Lemma winding_reparam (p : I01 -> R) (phi : I01 -> I01) :
  winding p -> in_G11 phi -> winding (fun t => p (phi t)).
Proof.
  intros (A & B & F & SF & OF & IF) Hphi.
  unfold winding; cbv beta; rewrite (G11_I0 phi Hphi), (G11_I1 phi Hphi).
  split; [exact A | split; [exact B |]].
  exists (fun t => F (phi t)); split; [| split].
  - intros s t h; apply SF, (G11_strict phi Hphi), h.
  - intros y; rewrite (G11_I0 phi Hphi), (G11_I1 phi Hphi); intros hy.
    destruct (OF y hy) as [s Hs]; destruct (G11_surj phi Hphi s) as [t Ht].
    exists t; rewrite Ht; exact Hs.
  - intros s; apply IF.
Qed.

Lemma dcircle_md : is_md dcircle.
Proof.
  split; [exact dcircle_topology | split; [| split]].
  - intros p (A & B & _); split; [| split; assumption].
    apply continuous_into_dcircle.
    + intros U HU x _; exists 1; split; [lra | intros; apply HU].
    + intros U HU x Ux; exfalso; exact (HU x Ux).
  - intros p phi Hp Hphi; apply winding_reparam; assumption.
  - intros p1 p2 H1 H2 _; apply winding_concat; assumption.
Qed.

(** * Globular cells *)

Lemma open_of_ne (s : I01) : proj1_sig s <> 0 -> proj1_sig s <> 1 -> 0 < proj1_sig s < 1.
Proof. pose proof (proj2_sig s); simpl in *; lra. Qed.

Definition glob_pt {Z : Type} (z : Z) (s : I01) : gpt Z :=
  match Req_EM_T (proj1_sig s) 0 with
  | left _ => gbot
  | right h0 =>
      match Req_EM_T (proj1_sig s) 1 with
      | left _ => gtop
      | right h1 => gin z (exist _ (proj1_sig s) (open_of_ne s h0 h1))
      end
  end.

Lemma qrel_glob_pt {Z : Type} (z : Z) (s : I01) : qrel (z, s) (glob_pt z s).
Proof. unfold glob_pt; destruct Req_EM_T; [| destruct Req_EM_T]; simpl; auto. Qed.

Lemma qrel_functional {Z : Type} (p : Z * I01) (y y' : gpt Z) :
  qrel p y -> qrel p y' -> y = y'.
Proof.
  destruct p as [z s]; intros H1 H2.
  destruct y as [| | z1 [t1 h1]], y' as [| | z2 [t2 h2]]; simpl in H1, H2;
    try reflexivity; try (exfalso; lra);
    try (match type of H1 with _ /\ _ => destruct H1 as [_ ?]; exfalso; lra end);
    try (match type of H2 with _ /\ _ => destruct H2 as [_ ?]; exfalso; lra end).
  destruct H1 as [-> ->], H2 as [-> E]; subst t2.
  f_equal; f_equal; apply proof_irrelevance.
Qed.

Lemma glob_map_glob_pt {Z Z' : Type} (f : Z -> Z') (z : Z) (s : I01) :
  glob_map f (glob_pt z s) = glob_pt (f z) s.
Proof. unfold glob_pt; destruct Req_EM_T; [| destruct Req_EM_T]; reflexivity. Qed.

Definition on_sphere {n : nat} (z : Disk n) : Prop := sumsq n (proj1_sig z) = 1.

Definition sph_of {n : nat} (z : Disk n) (e : sumsq n (proj1_sig z) = 1) : Sph n :=
  exist _ (proj1_sig z) (conj (proj1 (proj2_sig z)) e).

Lemma sph_incl_of (n : nat) (z : Disk n) e : sph_incl n (sph_of z e) = z.
Proof.
  destruct z as [x px]; unfold sph_incl, sph_of; simpl; f_equal; apply proof_irrelevance.
Qed.

Lemma sph_of_incl (n : nat) (w : Sph n) e : sph_of (sph_incl n w) e = w.
Proof.
  destruct w as [x px]; unfold sph_incl, sph_of; simpl; f_equal; apply proof_irrelevance.
Qed.

Lemma disk_glob_cases (n : nat) (y : gpt (Disk n)) :
  (exists y', y = glob_map (sph_incl n) y') \/
  (exists z s, y = gin z s /\ ~ on_sphere z).
Proof.
  destruct y as [| | z s]; [left; exists gbot; reflexivity | left; exists gtop; reflexivity |].
  destruct (Req_EM_T (sumsq n (proj1_sig z)) 1) as [e | e].
  - left; exists (gin (sph_of z e) s); simpl; rewrite sph_incl_of; reflexivity.
  - right; exists z, s; auto.
Qed.

Lemma mor_state_zero (Y : MdSpace) (h : Y -> R) (y : Y) :
  is_mor Y dcircle h -> states Y y -> h y = 0.
Proof. intros (_ & Hs & _) Hy; exact (Hs y Hy). Qed.

(* Away from the attaching sphere, the cell winds once around the circle. *)
Definition cell_height (n : nat) {Y : Type} (g : gpt (Sph n) -> Y) (h : Y -> R)
  (y : gpt (Disk n)) : R :=
  match y with
  | gin z s =>
      match Req_EM_T (sumsq n (proj1_sig z)) 1 with
      | left e => h (g (gin (sph_of z e) s))
      | right _ => proj1_sig s
      end
  | _ => 0
  end.

Section CellHeight.
Variables (n : nat) (Y : MdSpace) (g : Glob (SphSp n) -> Y) (h : Y -> R).
Hypotheses (Hg : is_mor (Glob (SphSp n)) Y g) (Hh : is_mor Y dcircle h).

Lemma cell_height_attach (y : gpt (Sph n)) :
  cell_height n g h (glob_map (sph_incl n) y) = h (g y).
Proof.
  destruct y as [| | w s]; simpl.
  - symmetry; apply mor_state_zero, (proj1 (proj2 Hg)); simpl; auto.
  - symmetry; apply mor_state_zero, (proj1 (proj2 Hg)); simpl; auto.
  - destruct Req_EM_T as [e | e]; [rewrite sph_of_incl; reflexivity |].
    exfalso; exact (e (proj2 (proj2_sig w))).
Qed.

Lemma cell_height_interior (z : Disk n) (s : O01) :
  ~ on_sphere z -> cell_height n g h (gin z s) = proj1_sig s.
Proof. intros e; simpl; destruct Req_EM_T; [contradiction | reflexivity]. Qed.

--- --- ---

> _WORK INSTRUCTION_
Would you write the material out again, exactly as given above?

> _RESPONSE TO THIS EXERCISE_
Lemma winding_reparam (p : I01 -> R) (phi : I01 -> I01) :
  winding p -> in_G11 phi -> winding (fun t => p (phi t)).
Proof.
  intros (A & B & F & SF & OF & IF) Hphi.
  unfold winding; cbv beta; rewrite (G11_I0 phi Hphi), (G11_I1 phi Hphi).
  split; [exact A | split; [exact B |]].
  exists (fun t => F (phi t)); split; [| split].
  - intros s t h; apply SF, (G11_strict phi Hphi), h.
  - intros y; rewrite (G11_I0 phi Hphi), (G11_I1 phi Hphi); intros hy.
    destruct (OF y hy) as [s Hs]; destruct (G11_surj phi Hphi s) as [t Ht].
    exists t; rewrite Ht; exact Hs.
  - intros s; apply IF.
Qed.

Lemma dcircle_md : is_md dcircle.
Proof.
  split; [exact dcircle_topology | split; [| split]].
  - intros p (A & B & _); split; [| split; assumption].
    apply continuous_into_dcircle.
    + intros U HU x _; exists 1; split; [lra | intros; apply HU].
    + intros U HU x Ux; exfalso; exact (HU x Ux).
  - intros p phi Hp Hphi; apply winding_reparam; assumption.
  - intros p1 p2 H1 H2 _; apply winding_concat; assumption.
Qed.

(** * Globular cells *)

Lemma open_of_ne (s : I01) : proj1_sig s <> 0 -> proj1_sig s <> 1 -> 0 < proj1_sig s < 1.
Proof. pose proof (proj2_sig s); simpl in *; lra. Qed.

Definition glob_pt {Z : Type} (z : Z) (s : I01) : gpt Z :=
  match Req_EM_T (proj1_sig s) 0 with
  | left _ => gbot
  | right h0 =>
      match Req_EM_T (proj1_sig s) 1 with
      | left _ => gtop
      | right h1 => gin z (exist _ (proj1_sig s) (open_of_ne s h0 h1))
      end
  end.

Lemma qrel_glob_pt {Z : Type} (z : Z) (s : I01) : qrel (z, s) (glob_pt z s).
Proof. unfold glob_pt; destruct Req_EM_T; [| destruct Req_EM_T]; simpl; auto. Qed.

Lemma qrel_functional {Z : Type} (p : Z * I01) (y y' : gpt Z) :
  qrel p y -> qrel p y' -> y = y'.
Proof.
  destruct p as [z s]; intros H1 H2.
  destruct y as [| | z1 [t1 h1]], y' as [| | z2 [t2 h2]]; simpl in H1, H2;
    try reflexivity; try (exfalso; lra);
    try (match type of H1 with _ /\ _ => destruct H1 as [_ ?]; exfalso; lra end);
    try (match type of H2 with _ /\ _ => destruct H2 as [_ ?]; exfalso; lra end).
  destruct H1 as [-> ->], H2 as [-> E]; subst t2.
  f_equal; f_equal; apply proof_irrelevance.
Qed.

Lemma glob_map_glob_pt {Z Z' : Type} (f : Z -> Z') (z : Z) (s : I01) :
  glob_map f (glob_pt z s) = glob_pt (f z) s.
Proof. unfold glob_pt; destruct Req_EM_T; [| destruct Req_EM_T]; reflexivity. Qed.

Definition on_sphere {n : nat} (z : Disk n) : Prop := sumsq n (proj1_sig z) = 1.

Definition sph_of {n : nat} (z : Disk n) (e : sumsq n (proj1_sig z) = 1) : Sph n :=
  exist _ (proj1_sig z) (conj (proj1 (proj2_sig z)) e).

Lemma sph_incl_of (n : nat) (z : Disk n) e : sph_incl n (sph_of z e) = z.
Proof.
  destruct z as [x px]; unfold sph_incl, sph_of; simpl; f_equal; apply proof_irrelevance.
Qed.

Lemma sph_of_incl (n : nat) (w : Sph n) e : sph_of (sph_incl n w) e = w.
Proof.
  destruct w as [x px]; unfold sph_incl, sph_of; simpl; f_equal; apply proof_irrelevance.
Qed.

Lemma disk_glob_cases (n : nat) (y : gpt (Disk n)) :
  (exists y', y = glob_map (sph_incl n) y') \/
  (exists z s, y = gin z s /\ ~ on_sphere z).
Proof.
  destruct y as [| | z s]; [left; exists gbot; reflexivity | left; exists gtop; reflexivity |].
  destruct (Req_EM_T (sumsq n (proj1_sig z)) 1) as [e | e].
  - left; exists (gin (sph_of z e) s); simpl; rewrite sph_incl_of; reflexivity.
  - right; exists z, s; auto.
Qed.

Lemma mor_state_zero (Y : MdSpace) (h : Y -> R) (y : Y) :
  is_mor Y dcircle h -> states Y y -> h y = 0.
Proof. intros (_ & Hs & _) Hy; exact (Hs y Hy). Qed.

(* Away from the attaching sphere, the cell winds once around the circle. *)
Definition cell_height (n : nat) {Y : Type} (g : gpt (Sph n) -> Y) (h : Y -> R)
  (y : gpt (Disk n)) : R :=
  match y with
  | gin z s =>
      match Req_EM_T (sumsq n (proj1_sig z)) 1 with
      | left e => h (g (gin (sph_of z e) s))
      | right _ => proj1_sig s
      end
  | _ => 0
  end.

Section CellHeight.
Variables (n : nat) (Y : MdSpace) (g : Glob (SphSp n) -> Y) (h : Y -> R).
Hypotheses (Hg : is_mor (Glob (SphSp n)) Y g) (Hh : is_mor Y dcircle h).

Lemma cell_height_attach (y : gpt (Sph n)) :
  cell_height n g h (glob_map (sph_incl n) y) = h (g y).
Proof.
  destruct y as [| | w s]; simpl.
  - symmetry; apply mor_state_zero, (proj1 (proj2 Hg)); simpl; auto.
  - symmetry; apply mor_state_zero, (proj1 (proj2 Hg)); simpl; auto.
  - destruct Req_EM_T as [e | e]; [rewrite sph_of_incl; reflexivity |].
    exfalso; exact (e (proj2 (proj2_sig w))).
Qed.

Lemma cell_height_interior (z : Disk n) (s : O01) :
  ~ on_sphere z -> cell_height n g h (gin z s) = proj1_sig s.
Proof. intros e; simpl; destruct Req_EM_T; [contradiction | reflexivity]. Qed.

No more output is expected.